Word Vectors - Concepts

word vectors
Author

Josef Fruehwald

Published

October 26, 2022

Features

Categorical Features

In linguistics, you’ve probably already encountered our tendency to categorize things using a bunch of features. For example, in Phonology we often categorize phonemes according to “distinctive features.”

voice continuant LAB COR DORS anterior
p
t
k
b
d
g
f
s
ʃ

More relevant to the topic of word vectors, we could do the same with semantic features and words

domesticated feline
cat
puma
dog
wolf

Numeric Features

Instead of using categorical values for these features, let’s use a numeric score. These represent my own subjective scores for these animals.

domesticated feline
cat 70 100
puma 0 90
dog 90 30
wolf 10 10

The sequence of numbers associated with “cat”, [70, 100], we’ll call a “vector”. A lot of the work we’re going to do with vectors can be understood if we start with two dimensional vectors like this. We can plot each animal as a point in the [domesticated, feline] “vector space”.

Figure 1: four animals plotted in the domesticated/feline space

Vectors

The word “vector” might conjure up ideas of “direction” for you, as it should! The way we really want to think about vectors when we’re doing word vectors is like a line with an arrow at the end, pointing at the location in “vector space” where each animal is.

Figure 2: four animals plotted in the domesticated/feline space

The “magnitude” of a vector.

We’re going to have to calculate the magnitudes of vectors, so let’s start with calculating the magnitude of the “dog” vector.

Figure 3: dog plotted in the domesticated/feline space

The magnitude of “dog” in this vector space is the length of the line that reaches from the [0,0] point to the location of “dog”. The mathematical notation we’d use to indicate “the length of the dog vector” is \(|\text{dog}|\). We can work out the distance of the vector by thinking about it like a right triangle.

Figure 4: dog plotted in the domesticated/feline space

Looking at the dog vector this way, we can use the Pythagorean Theorem to get its length

\[ |\text{dog}|^2 = \text{domesticated}^2 + \text{feline}^2 \]

\[ |\text{dog}| = \sqrt{\text{domesticated}^2 + \text{feline}^2} \]
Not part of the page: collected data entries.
(* In the $m$-type setting described in the context, suppose $x_i=x$ for all types $i$. Then diffusion occurs from a small seed if and only if $x>1$.
   Context: There are $m\ge1$ types. $\Pi=(\pi_{ij})$ is a nonnegative row-stochastic primitive $m\times m$ matrix ($\pi_{ij}$ is the probability that a meeting of a type-$i$ agent is with a type-$j$ agent). For each type $i$: $P_i$ is a degree distribution on the nonnegative integers; $w_i(d)>0$ are degree weights; $f_i(d,a)$, $g_i(d,a)$ ($0\le a\le d$) are adoption and abandonment rates satisfying: $f_i(d,0)=0$; $f_i(d,a)$ nondecreasing in $a$; $f_i(d,1)>0$ for some $d$ with $P_i(d)>0$; $g_i(d,0)>0$; $g_i(d,a)$ nonincreasing in $a$. Let $x_i=\sum_dP_i(d)w_i(d)\,d\,\frac{f_i(d,1)}{g_i(d,0)}$, assumed finite; it is positive. $A$ is the $m\times m$ matrix with $A_{ij}=\pi_{ij}x_j$. Diffusion occurs from a small seed means: for every $\varepsilon>0$ there exists $v\in\mathbb{R}^m$ with $0<v_i<\varepsilon$ and $(Av)_i>v_i$ for all $i$. *)

From HB Require Import structures.
From mathcomp Require Import all_boot all_order all_algebra.
From mathcomp Require Import all_classical all_reals all_analysis.
Set Implicit Arguments. Unset Strict Implicit. Unset Printing Implicit Defensive.
Import Order.TTheory GRing.Theory Num.Theory.
Local Open Scope ring_scope.

Section Defs.
Variable R : realType.

Definition row_stochastic (m : nat) (Pi : 'M[R]_m) : Prop :=
  (forall i j, 0 <= Pi i j) /\ (forall i, \sum_j Pi i j = 1).

Definition mx_primitive (m : nat) (Pi : 'M[R]_m) : Prop :=
  (forall i j, 0 <= Pi i j) /\ exists k : nat, forall i j, 0 < (Pi ^+ k) i j.

Definition Amat (m : nat) (Pi : 'M[R]_m) (x : 'I_m -> R) : 'M[R]_m :=
  \matrix_(i, j) (Pi i j * x j).

Definition diffusion_small_seed (m : nat) (A : 'M[R]_m) : Prop :=
  forall eps : R, 0 < eps ->
    exists v : 'cV[R]_m,
      forall i, 0 < v i 0 /\ v i 0 < eps /\ (A *m v) i 0 > v i 0.

Definition xterm (P w : nat -> R) (f g : nat -> nat -> R) (d : nat) : R :=
  P d * w d * d%:R * (f d 1%N / g d 0%N).

End Defs.

From HB Require Import structures.
From mathcomp Require Import all_boot all_order all_algebra.
From mathcomp Require Import all_classical all_reals all_analysis.
Import Order.TTheory GRing.Theory Num.Theory numFieldNormedType.Exports.
Local Open Scope classical_set_scope.
Local Open Scope ring_scope.

(* When every x_i equals x, the matrix A is x times the stochastic matrix Pi.
   A stochastic matrix fixes constant vectors, so for x > 1 any small constant
   seed grows.  Conversely, at a coordinate where a positive seed v is maximal,
   (Pi v)_i <= v_i, so (A v)_i > v_i forces x > 1. *)

Section StochasticScaling.
Variables (R : realType) (m : nat) (Pi : 'M[R]_m).
Hypothesis Pi_stoch : row_stochastic Pi.

Lemma Amat_const (x : R) : Amat Pi (fun=> x) = x *: Pi.
Proof. by apply/matrixP => i j; rewrite !mxE mulrC. Qed.

Lemma row_stochastic_mulmx_const (c : R) : Pi *m const_mx c = const_mx c :> 'cV_m.
Proof.
apply/matrixP => i k; rewrite !mxE.
under eq_bigr do rewrite mxE.
by rewrite -mulr_suml Pi_stoch.2 mul1r.
Qed.

Lemma row_stochastic_mulmx_le_max (v : 'cV[R]_m) (i : 'I_m) :
  (forall j, v j 0 <= v i 0) -> (Pi *m v) i 0 <= v i 0.
Proof.
move=> vi_max; rewrite mxE.
apply: (@le_trans _ _ (\sum_j Pi i j * v i 0)).
  by apply: ler_sum => j _; apply: ler_wpM2l; [exact: Pi_stoch.1 | exact: vi_max].
by rewrite -mulr_suml Pi_stoch.2 mul1r.
Qed.

Lemma row_stochastic_mulmx_ge0 (v : 'cV[R]_m) (i : 'I_m) :
  (forall j, 0 <= v j 0) -> 0 <= (Pi *m v) i 0.
Proof.
by move=> v_ge0; rewrite mxE; apply: sumr_ge0 => j _; rewrite mulr_ge0 ?Pi_stoch.1.
Qed.

Lemma diffusion_scale_gt1 (x : R) :
  (0 < m)%N -> diffusion_small_seed (x *: Pi) -> 1 < x.
Proof.
move=> m_gt0 /(_ 1 ltr01) [v hv].
have [i _ vi_max] := @arg_maxP _ R _ (Ordinal m_gt0) predT (fun i => v i 0) isT.
have v_ge0 j : 0 <= v j 0 by have [/ltW] := hv j.
have [_ [_]] := hv i; rewrite -scalemxAl mxE.
have Piv_le := @row_stochastic_mulmx_le_max v i (fun j => vi_max j isT).
have Piv_ge0 := @row_stochastic_mulmx_ge0 v i v_ge0.
apply: contraLR; rewrite -!leNgt => x_le1.
by apply: le_trans Piv_le; rewrite ler_piMl.
Qed.

Lemma gt1_diffusion_scale (x : R) : 1 < x -> diffusion_small_seed (x *: Pi).
Proof.
move=> x_gt1 eps eps_gt0; exists (const_mx (eps / 2)) => i.
have eps2_gt0 : 0 < eps / 2 by rewrite divr_gt0.
rewrite -scalemxAl row_stochastic_mulmx_const !mxE.
by rewrite eps2_gt0 ltr_pdivrMr // ltr_pMr // ltr1n ltr_pMl.
Qed.

End StochasticScaling.

Theorem corollary4 (R : realType) (m : nat) (Pi : 'M[R]_m)
  (P w : 'I_m -> nat -> R) (f g : 'I_m -> nat -> nat -> R)
  (xs : 'I_m -> R) (x : R) :
  (0 < m)%N ->
  row_stochastic Pi -> mx_primitive Pi ->
  (* P i is a probability distribution on the nonnegative integers *)
  (forall i d, 0 <= P i d) ->
  (forall i, (fun n => \sum_(d < n) P i d) @ \oo --> (1 : R)) ->
  (* positive degree weights *)
  (forall i d, 0 < w i d) ->
  (* adoption / abandonment rates (nonnegative) *)
  (forall i d a, (a <= d)%N -> 0 <= g i d a) ->
  (forall i d, f i d 0%N = 0) ->
  (forall i d a b, (a <= b)%N -> (b <= d)%N -> f i d a <= f i d b) ->
  (forall i, exists d, (1 <= d)%N /\ 0 < P i d /\ 0 < f i d 1%N) ->
  (forall i d, 0 < g i d 0%N) ->
  (forall i d a b, (a <= b)%N -> (b <= d)%N -> g i d b <= g i d a) ->
  (* x_i is the (finite) sum of the series *)
  (forall i, (fun n => \sum_(d < n) xterm (P i) (w i) (f i) (g i) d) @ \oo --> xs i) ->
  (* all x_i are equal to x *)
  (forall i, xs i = x) ->
  diffusion_small_seed (Amat Pi xs) <-> 1 < x.
Proof.
move=> m_gt0 Pi_stoch _ _ _ _ _ _ _ _ _ _ _ xs_x.
have -> : xs = fun=> x by apply: funext.
rewrite Amat_const; split.
- exact: diffusion_scale_gt1.
- exact: gt1_diffusion_scale.
Qed.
I won’t go through the actual numbers here, but it turns out the magnitude of dog is 94.87.

import numpy as np

dog = np.array([90, 30])
dog_mag1 = np.sqrt(sum([x**2 for x in dog]))

#or

dog_mag2 = np.linalg.norm(dog)

print(f"{dog_mag1:.2f} or {dog_mag2:.2f}")
94.87 or 94.87

In General

The way things worked out for dog is how we’d calculate the magnitude of any vector of any dimensionality. You square each value, sum them up, then take the square root of that sum.

\[ |v|^2 = v_1^2 + v_2^2 + v_3^2 + \dots +v_i^2 \]

\[ |v|^2 = \sum_{i = 1}^nv_i^2 \]

\[ |v| = \sqrt{\sum_{i = 1}^nv_i^2} \]

Comparing Vectors

Now, let’s compare the vectors for “cat” and “dog” in this “vector space”

Figure 5: dog and cat plotted in the domesticated/feline space

How should we compare the closeness of these two vectors in the vector space? What’s most common is to estimate the angle between the two, usually notated with \(\theta\), or more specifially, to get the cosine of the angle, \(\cos\theta\).

Figure 6: dog and cat plotted in the domesticated/feline space

Where did cosine come in?? This is a bit of a throwback to trigonometry, again being related to formulas for estimating angles of triangles.

The specific formula to get \(\cos\theta\) for dog and cat involves a “dot product”, which for dog and cat in particular goes like this \[ \text{dog}\cdot \text{cat} = (\text{dog}_{\text{domesticated}}\times\text{cat}_{\text{domesticated}}) + (\text{dog}_{\text{feline}}\times\text{cat}_{\text{feline}}) \]

dog = np.array([90, 30])
cat = np.array([70, 100])

dot1 = sum([x * y for x,y in zip(dog, cat)])

# or!

dot2 = np.dot(dog, cat)

print(f"{dot1} or {dot2}")
9300 or 9300

In general, the dot product of any two vectors will be

\[ a\cdot b = a_1b_1 + a_2b_2 + a_3b_3 +\dots a_ib_i \]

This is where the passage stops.